Он отрицательно покачал головой. "Не нужно идти на бесцельный риск".
- Плохо, девочка, я сильно ослабел. Но тоже, как видишь, держусь.
"У нас много новых друзей. Все они думают о тебе".
- Ты работаешь все там же, Ирма?
- Да, папа. В мастерской у свекра. - Она изобразила два вопросительных знака. Она ждет инструкций.
"Я передаю тебе важный материал, это двадцать тетрадей, полностью исписанных мною. Спрячь их надежно. Поезжай отсюда в Гамбург и помни, что записи эти важные и наши товарищи должны их получить".
- Помнишь, как однажды мы видели с тобой выводок диких уток в камышах?
- Конечно, папа! Такие крохотные серенькие утятки!
"От зенитчиков я узнал, что караул сменяется после трех. Постарайся выйти из тюрьмы в это время, когда полицейские устали и спешат домой. Они не будут придираться".
- Как вы питаетесь?
- Не беспокойся о нас. Мы получаем карточки.
"Как хорошо, что ты и здесь сумел не остаться в одиночестве. Я горжусь тобой, папа! Зенитчики - молодцы".
"Эти солдаты борются вместе с нами против гитлеровской системы, они мужественные люди..."
Увидит ли он еще когда-нибудь свою Ирму, Розу? Живы ли они? Он обречен все начинать сначала. Новая тюрьма, новые люди, конечно, более строгий режим. Его положение с каждым разом ухудшается. Выпустят ли они его на свет божий? Скорее всего нет! Добровольно - наверняка не выпустят. Как это ни больно, как ни мучительно, но не надо себя обманывать. Они сделают все, чтобы поставить ему мат. Советская Армия все ближе, но ему не дожить до освобождения. Скоро настанет долгожданное утро, но не для него, нет, не для него. Его уже не будет тогда. Нацисты не остановятся ни перед чем. Не дадут они ему дождаться освобождения. Это уж точно, это совершенно ясно.
Но он давно готовит себя. Тот день, свою последнюю минуту он встретит спокойно и просто. Как еще одно испытание на крестном своем пути. До боли жаль, что именно так должна закончиться эта его страда во имя самых высоких идеалов двадцатого века. Он знает свой конец, чувствует неизбежную, давящую близость его. За спиной десять страшных, непередаваемых лет "образцового" исправительного заведения в Ганновере с его рационом из баланды и брюквы, Моабита с его ледяными каменными мешками, гестапо, где он выплевывал зубы и кровавую пену с клочками легких. Но время смазывает остроту воспоминаний, врачует раны памяти. Не столько боль и не столько муки вспоминаются, сколько друзья, такие верные перед лицом смерти друзья.
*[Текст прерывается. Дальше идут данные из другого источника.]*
(* Let $\mathbf C=\{C_t\}_{t\in[0,1]}$ and $\mathbf C'=\{C'_t\}_{t\in[0,1]}$ be two families of bivariate copulas such that $C_t\preceq C'_t$ for every $t\in[0,1]$. Then for all bivariate copulas $A$ and $B$, $A\star_{\mathbf C}B\preceq A\star_{\mathbf C'}B$ (concordance order of $3$-copulas).
   Context: A bivariate copula is a map $C:[0,1]^2\to[0,1]$ with $C(u,0)=C(0,u)=0$, $C(u,1)=C(1,u)=u$, and $2$-increasing. For bivariate copulas $C,C'$, $C\preceq C'$ means $C(u_1,u_2)\le C'(u_1,u_2)$ for all $(u_1,u_2)\in[0,1]^2$. For $3$-copulas $D,D'$ (distribution functions on $[0,1]^3$ with uniform $[0,1]$ one-dimensional marginals), $D\preceq D'$ means $D(\mathbf u)\le D'(\mathbf u)$ and $\overline D(\mathbf u)\le\overline{D'}(\mathbf u)$ for all $\mathbf u\in[0,1]^3$, where $\overline D(u_1,u_2,u_3)=1-u_1-u_2-u_3+D(u_1,u_2,1)+D(u_1,1,u_3)+D(1,u_2,u_3)-D(u_1,u_2,u_3)$. For bivariate copulas $A,B$ and a family $\mathbf C=\{C_t\}$ of bivariate copulas, $(A\star_{\mathbf C} B)(u_1,u_2,u_3)=\int_{0}^{u_2} C_t\!\left(\tfrac{\partial}{\partial t} A(u_1,t),\tfrac{\partial}{\partial t} B(t,u_3)\right) dt$ (partial derivatives existing a.e.); this is a $3$-copula. *)

From mathcomp Require Import all_boot all_order all_algebra.
From mathcomp Require Import all_classical all_reals all_analysis.
Set Implicit Arguments. Unset Strict Implicit. Unset Printing Implicit Defensive.
Import Order.TTheory GRing.Theory Num.Theory.
Local Open Scope classical_set_scope.
Local Open Scope ring_scope.

Section Copulas.
Variable R : realType.

Definition unitI : set R := `[0, 1]%classic.

Definition is_copula2 (C : R -> R -> R) : Prop :=
  (forall u, 0 <= u <= 1 -> C u 0 = 0 /\ C 0 u = 0 /\ C u 1 = u /\ C 1 u = u) /\
  (forall u1 u2 v1 v2, 0 <= u1 -> u1 <= u2 -> u2 <= 1 ->
     0 <= v1 -> v1 <= v2 -> v2 <= 1 ->
     C u2 v2 - C u2 v1 - C u1 v2 + C u1 v1 >= 0).

Definition copula2_le (C C' : R -> R -> R) : Prop :=
  forall u1 u2, 0 <= u1 <= 1 -> 0 <= u2 <= 1 -> C u1 u2 <= C' u1 u2.

Definition survival3 (D : R -> R -> R -> R) (u1 u2 u3 : R) : R :=
  1 - u1 - u2 - u3 + D u1 u2 1 + D u1 1 u3 + D 1 u2 u3 - D u1 u2 u3.

Definition copula3_le (D D' : R -> R -> R -> R) : Prop :=
  forall u1 u2 u3, 0 <= u1 <= 1 -> 0 <= u2 <= 1 -> 0 <= u3 <= 1 ->
    D u1 u2 u3 <= D' u1 u2 u3 /\ survival3 D u1 u2 u3 <= survival3 D' u1 u2 u3.

(* partial derivatives (defined a.e.; derive1 returns the limit of the
   difference quotient, an arbitrary value where it does not exist) *)
Definition d2 (A : R -> R -> R) (u1 t : R) : R := derive1 (fun s => A u1 s) t.
Definition d1 (B : R -> R -> R) (t u3 : R) : R := derive1 (fun s => B s u3) t.

Definition star_prod (C : R -> R -> R -> R) (A B : R -> R -> R)
  (u1 u2 u3 : R) : R :=
  fine (\int[@lebesgue_measure R]_(t in `[0%R, u2]%classic) (C t (d2 A u1 t) (d1 B t u3))%:E)%E.

End Copulas.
Что сталось с теми зенитчиками на тюремной крыше? Сидят ли они все еще у нацеленных в небо счетверенных пулеметов, или горячее кислое дыхание близкого взрыва смело их в никуда, как и тех безыменных, которые еще вчера сидели в ячейке у этого переезда? И он думает о том светловолосом восемнадцатилетнем парне на крыше. И старается не думать о дочери и жене.
Он вспоминает ночь в Ганновере, когда бомбы падали рядом с тюрьмой. Черный лоскут зарешеченного неба дымился в луче прожектора, его пересекали пунктирные струи трассирующих очередей, мутными грибами взрастали на нем снарядные разрывы. Один миг был виден даже крохотный серебристый самолет, трепещущий на смертельном перекрестке прожекторов, как наколотое на булавку насекомое.
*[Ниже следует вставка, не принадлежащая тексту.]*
Lemma conv_ind_ind c d U V : cob U ->
  conv (ind c U) (ind d V) = ind (c * d) (set_gmul G U V).
Proof.
case/cob_rng_inv => hr hU; apply: funext => x.
have [rx|nrx] := pselect ((r @` U) (r x)); last first.
  rewrite conv_indl_out // ind_out // => -[a [b [Ua _ ab xe]]].
  by apply: nrx; exists a; rewrite // xe rng_gmul.
rewrite (conv_indl_in _ _ hU rx); have [Ua ra] := image_inverse hU rx.
have [Vb|nVb] := pselect (V (ginv G (hr (r x)) ** x)).
  rewrite !ind_in //; exists (hr (r x)), (ginv G (hr (r x)) ** x).
  by split => //; [rewrite rng_gmul ?rng_ginv // src_ginv | rewrite gmulKVg].
rewrite ind_out ?mulr0 ?ind_out // => -[a [b [Ua' Vb ab xe]]]; apply: nVb.
by rewrite xe rng_gmul // hU // gmulKg.
Qed.

Lemma steinberg_conv_closed f g : ample G -> A f -> A g -> A (conv f g).
Proof.
move=> amp Af Ag; move: f Af; apply: steinberg_rect => [|c U f cU Af Afg].
  by rewrite conv0l; exact: steinberg0.
rewrite conv_saddl //; last exact: steinberg_ind.
apply: steinberg_add => //.
move: g Ag {Afg}; apply: steinberg_rect => [|d V g cV Ag IH].
  by rewrite conv0r; exact: steinberg0.
rewrite conv_saddr // ?conv_ind_ind //; last exact: steinberg_ind.
by apply: steinberg_add => //; apply/steinberg_ind/cob_set_gmul.
Qed.

End SteinbergAlgebra.

(** * Congruences given by kernels *)

Section CongruenceKernel.
Context {R Y : Type} (A : set R) (add mul : R -> R -> R) (phi : R -> Y).

Definition kernel_compatible := forall t a b, A t -> A a -> A b -> phi a = phi b ->
  [/\ phi (add t a) = phi (add t b), phi (mul t a) = phi (mul t b)
    & phi (mul a t) = phi (mul b t)].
Летающие крепости шли волна за волной. Прожектора слепли, подавившись, смолкали зенитные пушки и глохли пулеметы. Зато грохот разрывов становился все ближе и ближе. Содрогались стены, звенели и лопались выбитые стекла.
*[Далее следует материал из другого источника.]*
(* Let $K\le L$ be positive integers with $2^K>N$, and consider a nonempty configuration. If $A(G)\ge 2^K$, then the expected number of times a full execution of the inter-level sampler enters the refinement loop is at most $N/(2^K-N)$. If $A(G)\ge 2^L$, this bound improves to $N/(2^L-N)$.
   Context: Fix an integer $b\ge 2$. There is a set $\mathcal L$ of $N$ levels, which are consecutive integers. Each level $\ell$ holds a finite (possibly empty) multiset of normalized significands, each an integer in $[2^{b-1},2^b)$. Let $z$ be the total number of stored significands over all levels; assume $z<2^b$. For each level, $SS_\ell$ is the sum of its significands (so $SS_\ell=0$ iff the level is empty); set $SS_\ell=0$ for integers $\ell\notin\mathcal L$. The level weight is $W_\ell=SS_\ell2^\ell$. For an integer global shift $G$, $A_\ell(G)=\lfloor W_\ell2^G\rfloor+1$ if $SS_\ell>0$ and $A_\ell(G)=0$ if $SS_\ell=0$; $A(G)=\sum_\ell A_\ell(G)$ and $M(G)=\sum_\ell W_\ell2^G$. The configuration is nonempty if $z\ge1$. Inter-level sampler (Algorithm 1), with shift $G$ and $A=A(G)$: it performs independent outer iterations. In an outer iteration, draw $x$ uniformly from $\{1,\dots,A\}$ and scan the levels in decreasing order starting from the largest nonempty level. At the current level $\ell$: if $x<A_\ell(G)$, return $\ell$; if $x=A_\ell(G)$, run the refinement loop for $m=1,2,\dots$: draw $r$ uniformly from $\{0,\dots,2^b-1\}$ independently, let $t=\lfloor SS_\ell 2^{\ell+G+mb}\rfloor \bmod 2^b$; if $r<t$ return $\ell$; else if $r>t$ or $\ell+G+mb\ge 0$, abandon this outer iteration and start a new one; otherwise continue with $m+1$. If $x>A_\ell(G)$, set $x\leftarrow x-A_\ell(G)$ and move to the next lower level. *)

From Stdlib Require Import Reals ZArith List Lia Lra.
From Coquelicot Require Import Coquelicot.
Import ListNotations.
Open Scope R_scope.

(* A configuration: base b, lowest level lo, N levels lo, lo+1, ..., lo+N-1;
   level with index i (i < N) is the integer level  lo + i  and holds the
   multiset (list) of significands  sig i. *)

Definition rsum (l : list R) : R := fold_right Rplus 0 l.

Definition SS (sig : nat -> list nat) (i : nat) : nat := fold_right Nat.add 0%nat (sig i).

Definition zcount (N : nat) (sig : nat -> list nat) : nat :=
  fold_right Nat.add 0%nat (map (fun i => length (sig i)) (seq 0 N)).

Definition level (lo : Z) (i : nat) : Z := (lo + Z.of_nat i)%Z.

Definition Wl (lo : Z) (sig : nat -> list nat) (i : nat) : R :=
  INR (SS sig i) * powerRZ 2 (level lo i).

Definition Al (lo : Z) (sig : nat -> list nat) (G : Z) (i : nat) : Z :=
  if Nat.eqb (SS sig i) 0 then 0%Z
  else (Int_part (Wl lo sig i * powerRZ 2 G) + 1)%Z.

Definition Atot (lo : Z) (N : nat) (sig : nat -> list nat) (G : Z) : Z :=
  fold_right Z.add 0%Z (map (Al lo sig G) (seq 0 N)).

Definition tval (b : nat) (lo : Z) (sig : nat -> list nat) (G : Z) (i m : nat) : Z :=
  Z.modulo (Int_part (INR (SS sig i) *
              powerRZ 2 (level lo i + G + Z.of_nat m * Z.of_nat b)))
           (2 ^ Z.of_nat b).

(* Probability that the refinement loop at level index i, started at round m,
   returns the level (rather than abandoning the outer iteration).
   In round m, with r uniform in {0..2^b-1}: return iff r < t (prob t/2^b);
   continue to round m+1 iff r = t (prob 1/2^b) and l+G+mb < 0;
   abandon otherwise.  [fuel] bounds the number of rounds; see refine_prob. *)
Fixpoint refine_succ (b : nat) (lo : Z) (sig : nat -> list nat) (G : Z)
    (i : nat) (fuel m : nat) : R :=
  match fuel with
  | O => 0
  | S f =>
      IZR (tval b lo sig G i m) / 2 ^ b
      + (if Z.ltb (level lo i + G + Z.of_nat m * Z.of_nat b) 0
         then / 2 ^ b * refine_succ b lo sig G i f (S m)
         else 0)
  end.

(* The loop starts at m = 1 and surely stops by round m = -(l+G)+1
   (since b >= 1, at that round l+G+mb >= 0), so this fuel is exact. *)
Definition refine_prob (b : nat) (lo : Z) (sig : nat -> list nat) (G : Z)
    (i : nat) : R :=
  refine_succ b lo sig G i (Z.to_nat (- (level lo i + G)) + 1) 1.

Inductive scan_out := SRet (i : nat) | SRefine (i : nat) | SFall.

Fixpoint scan (lo : Z) (sig : nat -> list nat) (G : Z) (x : Z) (l : list nat)
    : scan_out :=
  match l with
  | [] => SFall
  | i :: l' =>
      let a := Al lo sig G i in
      if Z.ltb x a then SRet i
      else if Z.eqb x a then SRefine i
      else scan lo sig G (x - a) l'
  end.

(* Levels in decreasing order: indices N-1, ..., 0 (empty levels have A_l=0
   and are passed over without changing x, so starting at the top level is
   the same as starting at the largest nonempty level). *)
Definition levels_desc (N : nat) : list nat := rev (seq 0 N).

Definition draws (A : Z) : list Z := map (fun k => Z.of_nat k + 1)%Z (seq 0 (Z.to_nat A)).

Definition scan_x (lo : Z) (N : nat) (sig : nat -> list nat) (G : Z) (x : Z) :=
  scan lo sig G x (levels_desc N).

Definition P_ret (b : nat) (lo : Z) (N : nat) (sig : nat -> list nat) (G : Z) : R :=
  rsum (map (fun x => match scan_x lo N sig G x with
                      | SRet _ => 1
                      | SRefine i => refine_prob b lo sig G i
                      | SFall => 0
                      end) (draws (Atot lo N sig G)))
  / IZR (Atot lo N sig G).

Definition P_enter (lo : Z) (N : nat) (sig : nat -> list nat) (G : Z) : R :=
  rsum (map (fun x => match scan_x lo N sig G x with
                      | SRefine _ => 1
                      | _ => 0
                      end) (draws (Atot lo N sig G)))
  / IZR (Atot lo N sig G).

(* Term k of the expected number of refinement-loop entries of a full run:
   P(outer iteration k+1 is executed, i.e. the first k iterations were all
   abandoned) * P(that iteration enters the refinement loop); iterations are
   independent.  The expectation is the sum over k >= 0 (linearity). *)
Definition refine_entries_term (b : nat) (lo : Z) (N : nat) (sig : nat -> list nat)
    (G : Z) (k : nat) : R :=
  (1 - P_ret b lo N sig G) ^ k * P_enter lo N sig G.

Definition expected_refine_entries (b : nat) (lo : Z) (N : nat)
    (sig : nat -> list nat) (G : Z) : R :=
  Series (refine_entries_term b lo N sig G).

(* Every draw x in {1, ..., A} that is not immediately accepted is the draw
   x = A_l at some nonempty level l (reached with the remaining value equal to
   A_l), so at most N of the A draws stall.  Hence one outer iteration enters
   the refinement loop with probability e <= N/A and returns with probability
   p >= 1 - N/A.  Iterations are independent, so the expected number of
   entries is the geometric sum  e / p <= N / (A - N) <= N / (2^M - N)
   whenever A >= 2^M > N. *)

From Stdlib Require Import Reals ZArith List Lia Lra.
From Coquelicot Require Import Coquelicot.
Import ListNotations.
Open Scope R_scope.

Lemma pow2_ge1 (n : nat) : 1 <= 2 ^ n.
Proof. induction n; simpl; lra. Qed.

Lemma IZR_pow2 (n : nat) : IZR (2 ^ Z.of_nat n) = 2 ^ n.
Proof. rewrite <- pow_IZR. reflexivity. Qed.

Lemma tval_range b lo sig G i m :
  (0 <= tval b lo sig G i m < 2 ^ Z.of_nat b)%Z.
Proof. apply Z.mod_pos_bound, Z.pow_pos_nonneg; lia. Qed.

Lemma refine_succ_range b lo sig G i fuel m :
  0 <= refine_succ b lo sig G i fuel m <= 1.
Proof.
  revert m; induction fuel as [|fuel IH]; intro m; simpl; [lra|].
  set (t := IZR (tval b lo sig G i m)).
  pose proof (pow2_ge1 b) as Hb.
  assert (0 <= t /\ t + 1 <= 2 ^ b) as [Ht0 Ht1].
  { pose proof (tval_range b lo sig G i m) as Ht; unfold t; split.
    - apply IZR_le; lia.
    - rewrite <- IZR_pow2, <- plus_IZR; apply IZR_le; lia. }
  (* the two outcomes r < t and r = t of the round have total mass (t + 1) / 2^b *)
  assert (Hmass : t / 2 ^ b + / 2 ^ b <= 1).
  { apply Rmult_le_reg_r with (2 ^ b); [lra|].
    field_simplify; lra. }
  assert (Hdiv : 0 <= t / 2 ^ b) by (apply Rdiv_le_0_compat; lra).
  assert (Hinv : 0 < / 2 ^ b) by (apply Rinv_0_lt_compat; lra).
  destruct (IH (S m)); destruct (Z.ltb _ _); split; nra.
Qed.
В камере стало жарко, как у пароходных котлов. Электричество отключили. Водопровод бездействовал. Заключенные колотили кулаками в железные двери, трясли раскалившиеся, как на углях, решетки. Женщины истошно вопили и звали далеких детей...
Каким несчастным, каким оскорбительно бессильным чувствовал он себя в ту страшную, гудящую сотнями авиационных моторов ночь. Сколько машин, взрывчатки, металла нужно, чтобы убить такое слабое и беззащитное существо, как человек, смести с лица земли безвинных женщин и детей? Война - варварство, люди должны ненавидеть войну. И эта захватническая война закончится гибелью фашизма. Повсеместной очистительной гибелью его.